### WHAT TO PRODUCE
Repeat nothing but the lines below running from the one containing "i * y ord0 i." to the one containing "(unnormalized) surface measure". Keep both end lines.

### Stored data entries
──────────

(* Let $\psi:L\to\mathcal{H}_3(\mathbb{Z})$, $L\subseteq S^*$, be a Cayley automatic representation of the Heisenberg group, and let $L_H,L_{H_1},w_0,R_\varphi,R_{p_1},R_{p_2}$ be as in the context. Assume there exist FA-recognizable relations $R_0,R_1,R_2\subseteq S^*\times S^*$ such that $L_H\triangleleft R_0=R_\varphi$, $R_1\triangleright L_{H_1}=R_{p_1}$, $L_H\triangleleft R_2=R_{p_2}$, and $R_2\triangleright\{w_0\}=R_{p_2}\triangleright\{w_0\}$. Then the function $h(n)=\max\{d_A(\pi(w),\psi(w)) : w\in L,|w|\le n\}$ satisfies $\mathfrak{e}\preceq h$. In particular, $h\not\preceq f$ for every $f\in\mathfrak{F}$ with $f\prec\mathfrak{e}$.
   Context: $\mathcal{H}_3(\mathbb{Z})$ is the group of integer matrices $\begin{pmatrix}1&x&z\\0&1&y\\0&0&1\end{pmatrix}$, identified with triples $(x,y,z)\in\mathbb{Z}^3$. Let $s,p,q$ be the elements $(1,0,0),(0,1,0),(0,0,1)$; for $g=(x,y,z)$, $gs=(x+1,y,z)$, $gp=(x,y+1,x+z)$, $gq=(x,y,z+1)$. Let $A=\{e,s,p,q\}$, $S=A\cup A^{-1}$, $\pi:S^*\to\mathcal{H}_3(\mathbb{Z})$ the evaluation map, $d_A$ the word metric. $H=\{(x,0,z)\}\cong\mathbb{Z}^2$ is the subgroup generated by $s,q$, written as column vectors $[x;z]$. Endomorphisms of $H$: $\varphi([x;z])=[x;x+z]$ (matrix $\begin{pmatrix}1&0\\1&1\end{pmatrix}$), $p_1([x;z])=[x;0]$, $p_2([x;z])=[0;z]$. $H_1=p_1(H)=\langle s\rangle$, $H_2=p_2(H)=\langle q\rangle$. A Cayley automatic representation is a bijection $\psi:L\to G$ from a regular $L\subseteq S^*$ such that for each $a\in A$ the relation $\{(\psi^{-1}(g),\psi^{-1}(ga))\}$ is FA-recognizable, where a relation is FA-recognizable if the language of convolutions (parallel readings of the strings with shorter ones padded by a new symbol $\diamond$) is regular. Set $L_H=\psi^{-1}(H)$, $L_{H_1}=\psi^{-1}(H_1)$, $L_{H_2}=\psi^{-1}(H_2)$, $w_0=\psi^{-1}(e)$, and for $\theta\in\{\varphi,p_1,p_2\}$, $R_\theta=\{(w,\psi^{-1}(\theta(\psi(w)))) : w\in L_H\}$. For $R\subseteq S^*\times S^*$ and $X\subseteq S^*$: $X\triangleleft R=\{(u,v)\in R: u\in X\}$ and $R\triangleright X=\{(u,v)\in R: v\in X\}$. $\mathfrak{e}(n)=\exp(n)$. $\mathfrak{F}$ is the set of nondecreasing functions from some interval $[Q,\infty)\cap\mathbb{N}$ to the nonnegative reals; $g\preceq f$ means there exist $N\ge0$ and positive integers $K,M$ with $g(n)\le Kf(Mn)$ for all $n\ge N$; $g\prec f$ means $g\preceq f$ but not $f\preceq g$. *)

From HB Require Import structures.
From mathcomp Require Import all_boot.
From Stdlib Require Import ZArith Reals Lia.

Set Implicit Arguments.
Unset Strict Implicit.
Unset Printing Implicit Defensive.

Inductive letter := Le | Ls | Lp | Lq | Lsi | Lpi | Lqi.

──────────

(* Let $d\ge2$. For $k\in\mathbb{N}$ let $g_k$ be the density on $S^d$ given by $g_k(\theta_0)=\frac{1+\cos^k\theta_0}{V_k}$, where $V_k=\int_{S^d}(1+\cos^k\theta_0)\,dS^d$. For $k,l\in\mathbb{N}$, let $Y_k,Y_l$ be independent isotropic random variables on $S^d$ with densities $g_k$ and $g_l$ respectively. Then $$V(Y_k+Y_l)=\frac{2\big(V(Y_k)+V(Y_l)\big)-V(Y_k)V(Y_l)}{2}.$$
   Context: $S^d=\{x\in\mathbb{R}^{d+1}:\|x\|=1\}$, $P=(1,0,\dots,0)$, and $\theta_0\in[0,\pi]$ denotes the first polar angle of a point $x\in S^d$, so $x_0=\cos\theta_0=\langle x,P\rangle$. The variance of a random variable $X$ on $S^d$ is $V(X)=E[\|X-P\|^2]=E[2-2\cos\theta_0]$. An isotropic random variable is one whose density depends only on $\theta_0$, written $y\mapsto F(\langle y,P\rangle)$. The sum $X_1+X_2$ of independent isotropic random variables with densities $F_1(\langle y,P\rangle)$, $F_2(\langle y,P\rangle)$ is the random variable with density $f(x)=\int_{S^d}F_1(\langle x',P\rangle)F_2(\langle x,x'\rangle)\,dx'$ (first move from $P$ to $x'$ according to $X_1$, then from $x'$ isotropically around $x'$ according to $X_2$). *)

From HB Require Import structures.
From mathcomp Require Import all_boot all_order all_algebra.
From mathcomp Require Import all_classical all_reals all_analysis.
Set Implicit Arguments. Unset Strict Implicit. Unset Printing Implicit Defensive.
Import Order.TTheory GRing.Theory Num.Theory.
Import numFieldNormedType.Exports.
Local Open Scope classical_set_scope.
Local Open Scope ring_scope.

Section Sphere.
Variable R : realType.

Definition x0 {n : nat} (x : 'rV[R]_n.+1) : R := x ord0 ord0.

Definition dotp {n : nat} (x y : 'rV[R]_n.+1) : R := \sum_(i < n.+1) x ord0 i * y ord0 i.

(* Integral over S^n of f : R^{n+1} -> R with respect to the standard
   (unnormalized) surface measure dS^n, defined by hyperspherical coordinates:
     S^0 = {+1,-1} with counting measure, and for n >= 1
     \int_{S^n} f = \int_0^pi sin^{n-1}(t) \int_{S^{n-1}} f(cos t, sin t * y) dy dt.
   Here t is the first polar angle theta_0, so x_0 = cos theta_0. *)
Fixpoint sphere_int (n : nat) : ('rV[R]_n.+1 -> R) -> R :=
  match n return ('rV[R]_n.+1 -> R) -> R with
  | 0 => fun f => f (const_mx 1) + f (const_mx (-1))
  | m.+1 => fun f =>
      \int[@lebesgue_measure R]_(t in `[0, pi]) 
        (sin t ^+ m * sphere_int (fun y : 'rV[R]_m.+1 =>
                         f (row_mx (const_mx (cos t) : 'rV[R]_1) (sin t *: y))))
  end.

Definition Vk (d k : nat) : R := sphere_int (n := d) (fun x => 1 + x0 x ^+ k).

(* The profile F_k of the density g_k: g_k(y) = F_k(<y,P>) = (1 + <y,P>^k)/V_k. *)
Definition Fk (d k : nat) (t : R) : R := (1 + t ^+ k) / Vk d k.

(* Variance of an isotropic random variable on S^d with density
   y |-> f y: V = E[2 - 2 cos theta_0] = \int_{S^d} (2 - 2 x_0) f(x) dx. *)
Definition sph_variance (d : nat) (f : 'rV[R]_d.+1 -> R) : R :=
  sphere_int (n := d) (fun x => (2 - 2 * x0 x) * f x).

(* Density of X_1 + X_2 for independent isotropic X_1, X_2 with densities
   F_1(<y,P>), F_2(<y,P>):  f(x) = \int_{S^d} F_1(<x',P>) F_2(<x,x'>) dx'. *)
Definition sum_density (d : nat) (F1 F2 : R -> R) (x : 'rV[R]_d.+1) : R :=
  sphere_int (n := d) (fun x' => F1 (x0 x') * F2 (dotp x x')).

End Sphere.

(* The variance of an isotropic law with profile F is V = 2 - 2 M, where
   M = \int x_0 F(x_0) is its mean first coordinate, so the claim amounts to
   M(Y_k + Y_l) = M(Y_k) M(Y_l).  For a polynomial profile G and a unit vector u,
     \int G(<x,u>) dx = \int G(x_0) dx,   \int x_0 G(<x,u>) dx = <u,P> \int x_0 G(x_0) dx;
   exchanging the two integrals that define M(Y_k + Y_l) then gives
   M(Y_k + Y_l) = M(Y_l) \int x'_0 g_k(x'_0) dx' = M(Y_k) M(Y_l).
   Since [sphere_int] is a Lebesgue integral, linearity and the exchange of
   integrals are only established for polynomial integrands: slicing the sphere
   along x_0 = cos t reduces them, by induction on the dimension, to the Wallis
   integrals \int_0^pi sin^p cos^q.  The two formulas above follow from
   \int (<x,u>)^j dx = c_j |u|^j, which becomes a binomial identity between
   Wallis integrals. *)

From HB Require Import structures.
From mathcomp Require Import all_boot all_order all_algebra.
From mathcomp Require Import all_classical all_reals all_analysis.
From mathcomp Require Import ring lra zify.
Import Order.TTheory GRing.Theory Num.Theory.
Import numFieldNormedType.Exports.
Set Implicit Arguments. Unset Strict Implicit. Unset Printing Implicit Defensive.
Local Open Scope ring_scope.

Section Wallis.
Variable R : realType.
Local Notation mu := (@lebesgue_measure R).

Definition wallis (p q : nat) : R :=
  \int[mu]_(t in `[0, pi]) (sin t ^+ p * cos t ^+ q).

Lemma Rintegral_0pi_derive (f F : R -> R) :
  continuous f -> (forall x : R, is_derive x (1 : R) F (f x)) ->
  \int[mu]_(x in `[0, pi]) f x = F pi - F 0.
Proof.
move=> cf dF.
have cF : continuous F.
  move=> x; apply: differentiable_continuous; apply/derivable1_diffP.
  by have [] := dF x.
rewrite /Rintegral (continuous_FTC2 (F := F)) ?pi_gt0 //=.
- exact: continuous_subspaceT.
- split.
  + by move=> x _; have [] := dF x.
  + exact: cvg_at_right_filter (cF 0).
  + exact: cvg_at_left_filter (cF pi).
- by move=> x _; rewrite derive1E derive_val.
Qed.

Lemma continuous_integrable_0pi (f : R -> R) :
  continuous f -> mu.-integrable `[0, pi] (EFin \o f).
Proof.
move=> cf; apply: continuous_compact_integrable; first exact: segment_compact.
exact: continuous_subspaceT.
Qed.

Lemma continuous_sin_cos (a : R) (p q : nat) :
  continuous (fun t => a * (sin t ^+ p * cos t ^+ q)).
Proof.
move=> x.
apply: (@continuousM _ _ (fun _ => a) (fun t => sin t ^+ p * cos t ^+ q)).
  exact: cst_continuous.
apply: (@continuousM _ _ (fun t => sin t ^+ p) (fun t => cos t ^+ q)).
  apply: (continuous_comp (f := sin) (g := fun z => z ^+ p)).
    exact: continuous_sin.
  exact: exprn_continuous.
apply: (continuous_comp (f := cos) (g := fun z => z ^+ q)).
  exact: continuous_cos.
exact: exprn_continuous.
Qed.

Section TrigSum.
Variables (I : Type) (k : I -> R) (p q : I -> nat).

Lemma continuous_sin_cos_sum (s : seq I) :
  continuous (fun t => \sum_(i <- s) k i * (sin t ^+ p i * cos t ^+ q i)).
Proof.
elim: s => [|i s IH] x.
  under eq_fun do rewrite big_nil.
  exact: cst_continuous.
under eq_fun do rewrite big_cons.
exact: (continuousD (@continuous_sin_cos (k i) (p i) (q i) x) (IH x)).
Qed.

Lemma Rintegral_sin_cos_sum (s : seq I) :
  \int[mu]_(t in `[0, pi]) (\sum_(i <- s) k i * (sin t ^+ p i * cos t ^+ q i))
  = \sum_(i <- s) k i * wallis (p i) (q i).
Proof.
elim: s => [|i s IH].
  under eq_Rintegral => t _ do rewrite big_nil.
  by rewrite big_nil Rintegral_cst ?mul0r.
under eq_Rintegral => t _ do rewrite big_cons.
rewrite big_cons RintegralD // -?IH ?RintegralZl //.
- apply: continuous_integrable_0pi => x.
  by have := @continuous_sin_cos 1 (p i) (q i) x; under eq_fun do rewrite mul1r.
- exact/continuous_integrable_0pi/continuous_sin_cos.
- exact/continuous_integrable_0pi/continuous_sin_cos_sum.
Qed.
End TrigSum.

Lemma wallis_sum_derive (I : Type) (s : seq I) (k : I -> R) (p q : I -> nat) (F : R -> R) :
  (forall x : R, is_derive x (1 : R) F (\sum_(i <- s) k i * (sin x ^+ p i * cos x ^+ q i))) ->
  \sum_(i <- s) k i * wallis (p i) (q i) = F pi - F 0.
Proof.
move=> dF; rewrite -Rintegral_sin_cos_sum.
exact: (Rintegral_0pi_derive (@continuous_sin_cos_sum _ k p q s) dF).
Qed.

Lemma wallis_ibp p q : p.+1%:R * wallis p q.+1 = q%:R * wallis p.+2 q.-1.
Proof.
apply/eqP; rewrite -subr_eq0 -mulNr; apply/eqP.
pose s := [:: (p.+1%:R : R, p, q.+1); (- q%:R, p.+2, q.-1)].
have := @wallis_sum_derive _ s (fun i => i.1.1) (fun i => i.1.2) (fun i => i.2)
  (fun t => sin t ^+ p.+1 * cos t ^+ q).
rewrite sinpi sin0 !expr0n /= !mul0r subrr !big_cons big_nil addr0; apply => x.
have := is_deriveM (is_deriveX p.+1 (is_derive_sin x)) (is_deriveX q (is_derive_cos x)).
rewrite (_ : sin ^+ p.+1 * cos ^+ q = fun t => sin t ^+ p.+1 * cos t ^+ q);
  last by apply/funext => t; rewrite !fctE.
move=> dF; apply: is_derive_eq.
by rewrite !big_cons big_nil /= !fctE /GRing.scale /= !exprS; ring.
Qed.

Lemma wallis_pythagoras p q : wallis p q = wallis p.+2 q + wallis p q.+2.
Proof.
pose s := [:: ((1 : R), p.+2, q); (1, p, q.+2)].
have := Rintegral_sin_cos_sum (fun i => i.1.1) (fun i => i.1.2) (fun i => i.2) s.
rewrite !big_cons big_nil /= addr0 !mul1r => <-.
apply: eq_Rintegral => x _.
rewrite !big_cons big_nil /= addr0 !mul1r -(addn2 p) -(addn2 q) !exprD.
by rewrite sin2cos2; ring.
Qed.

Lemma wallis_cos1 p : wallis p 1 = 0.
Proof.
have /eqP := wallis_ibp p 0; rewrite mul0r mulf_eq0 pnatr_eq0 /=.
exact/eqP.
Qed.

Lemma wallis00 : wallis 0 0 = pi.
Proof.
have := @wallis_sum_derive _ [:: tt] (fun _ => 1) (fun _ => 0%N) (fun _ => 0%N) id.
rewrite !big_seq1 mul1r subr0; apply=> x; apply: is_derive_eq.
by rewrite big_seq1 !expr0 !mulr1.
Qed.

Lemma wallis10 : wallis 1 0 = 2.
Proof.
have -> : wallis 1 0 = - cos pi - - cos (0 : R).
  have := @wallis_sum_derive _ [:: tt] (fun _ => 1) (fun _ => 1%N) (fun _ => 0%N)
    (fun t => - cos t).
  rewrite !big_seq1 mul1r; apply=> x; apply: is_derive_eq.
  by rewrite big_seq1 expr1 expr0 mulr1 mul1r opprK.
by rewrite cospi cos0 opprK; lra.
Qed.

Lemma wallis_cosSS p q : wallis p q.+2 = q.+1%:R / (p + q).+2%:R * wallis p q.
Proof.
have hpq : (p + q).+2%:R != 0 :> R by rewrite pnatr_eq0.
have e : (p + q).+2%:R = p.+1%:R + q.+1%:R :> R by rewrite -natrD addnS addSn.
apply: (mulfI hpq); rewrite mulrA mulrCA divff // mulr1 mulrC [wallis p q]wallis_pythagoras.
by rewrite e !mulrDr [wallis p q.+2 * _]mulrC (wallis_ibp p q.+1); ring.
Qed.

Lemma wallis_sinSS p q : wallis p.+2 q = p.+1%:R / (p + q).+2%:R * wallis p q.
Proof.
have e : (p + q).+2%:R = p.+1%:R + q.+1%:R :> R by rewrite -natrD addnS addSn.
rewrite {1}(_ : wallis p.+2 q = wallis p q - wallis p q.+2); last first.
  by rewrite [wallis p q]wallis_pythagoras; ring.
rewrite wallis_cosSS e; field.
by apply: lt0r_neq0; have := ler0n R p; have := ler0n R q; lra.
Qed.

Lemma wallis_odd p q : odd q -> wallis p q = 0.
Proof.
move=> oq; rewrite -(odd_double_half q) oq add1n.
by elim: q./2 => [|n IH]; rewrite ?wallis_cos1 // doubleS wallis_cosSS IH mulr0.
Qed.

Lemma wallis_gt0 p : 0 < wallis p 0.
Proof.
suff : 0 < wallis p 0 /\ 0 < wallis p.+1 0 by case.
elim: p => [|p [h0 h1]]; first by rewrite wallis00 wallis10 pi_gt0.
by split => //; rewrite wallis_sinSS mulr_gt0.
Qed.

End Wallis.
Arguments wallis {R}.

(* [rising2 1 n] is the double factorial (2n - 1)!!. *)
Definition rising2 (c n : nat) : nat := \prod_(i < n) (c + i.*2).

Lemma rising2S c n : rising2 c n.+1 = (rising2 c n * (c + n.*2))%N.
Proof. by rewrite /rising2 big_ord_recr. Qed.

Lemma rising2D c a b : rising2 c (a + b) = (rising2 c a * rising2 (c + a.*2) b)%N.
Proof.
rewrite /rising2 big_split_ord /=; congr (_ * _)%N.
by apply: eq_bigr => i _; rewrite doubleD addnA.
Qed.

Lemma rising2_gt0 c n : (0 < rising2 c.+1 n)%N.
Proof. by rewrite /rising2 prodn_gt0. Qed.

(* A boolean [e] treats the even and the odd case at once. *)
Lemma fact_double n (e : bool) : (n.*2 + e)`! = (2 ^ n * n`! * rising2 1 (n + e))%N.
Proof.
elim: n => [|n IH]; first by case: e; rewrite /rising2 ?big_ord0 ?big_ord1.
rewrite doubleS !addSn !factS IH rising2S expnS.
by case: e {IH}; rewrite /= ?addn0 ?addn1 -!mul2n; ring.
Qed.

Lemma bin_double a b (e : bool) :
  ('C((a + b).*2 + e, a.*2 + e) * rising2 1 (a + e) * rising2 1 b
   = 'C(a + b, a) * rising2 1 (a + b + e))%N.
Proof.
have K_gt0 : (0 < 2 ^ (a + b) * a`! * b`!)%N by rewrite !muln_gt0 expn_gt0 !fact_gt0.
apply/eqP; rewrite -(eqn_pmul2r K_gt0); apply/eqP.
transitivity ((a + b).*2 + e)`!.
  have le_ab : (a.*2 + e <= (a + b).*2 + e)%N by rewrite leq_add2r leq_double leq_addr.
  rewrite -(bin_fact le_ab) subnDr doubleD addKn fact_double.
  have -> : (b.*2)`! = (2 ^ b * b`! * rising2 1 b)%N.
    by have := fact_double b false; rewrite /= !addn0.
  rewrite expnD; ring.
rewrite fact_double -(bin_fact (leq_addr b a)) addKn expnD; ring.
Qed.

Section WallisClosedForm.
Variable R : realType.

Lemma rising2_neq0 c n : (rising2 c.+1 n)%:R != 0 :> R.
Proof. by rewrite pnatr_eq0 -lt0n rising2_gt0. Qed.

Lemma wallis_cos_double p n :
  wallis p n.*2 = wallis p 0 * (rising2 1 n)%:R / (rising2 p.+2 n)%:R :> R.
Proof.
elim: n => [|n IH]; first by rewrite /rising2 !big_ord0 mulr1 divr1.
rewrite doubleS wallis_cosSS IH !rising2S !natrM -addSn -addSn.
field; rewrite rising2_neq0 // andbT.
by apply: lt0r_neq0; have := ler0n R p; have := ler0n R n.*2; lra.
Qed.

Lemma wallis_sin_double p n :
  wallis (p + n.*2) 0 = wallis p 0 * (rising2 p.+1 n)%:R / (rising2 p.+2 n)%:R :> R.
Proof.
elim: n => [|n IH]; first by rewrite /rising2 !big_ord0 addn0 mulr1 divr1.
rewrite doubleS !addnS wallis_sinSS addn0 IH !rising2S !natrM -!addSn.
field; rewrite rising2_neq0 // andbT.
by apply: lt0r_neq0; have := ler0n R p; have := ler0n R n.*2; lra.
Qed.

──────────

### ANSWER TO THE EXERCISE
Definition dotp {n : nat} (x y : 'rV[R]_n.+1) : R := \sum_(i < n.+1) x ord0 i * y ord0 i.

(* Integral over S^n of f : R^{n+1} -> R with respect to the standard
   (unnormalized) surface measure dS^n, defined by hyperspherical coordinates:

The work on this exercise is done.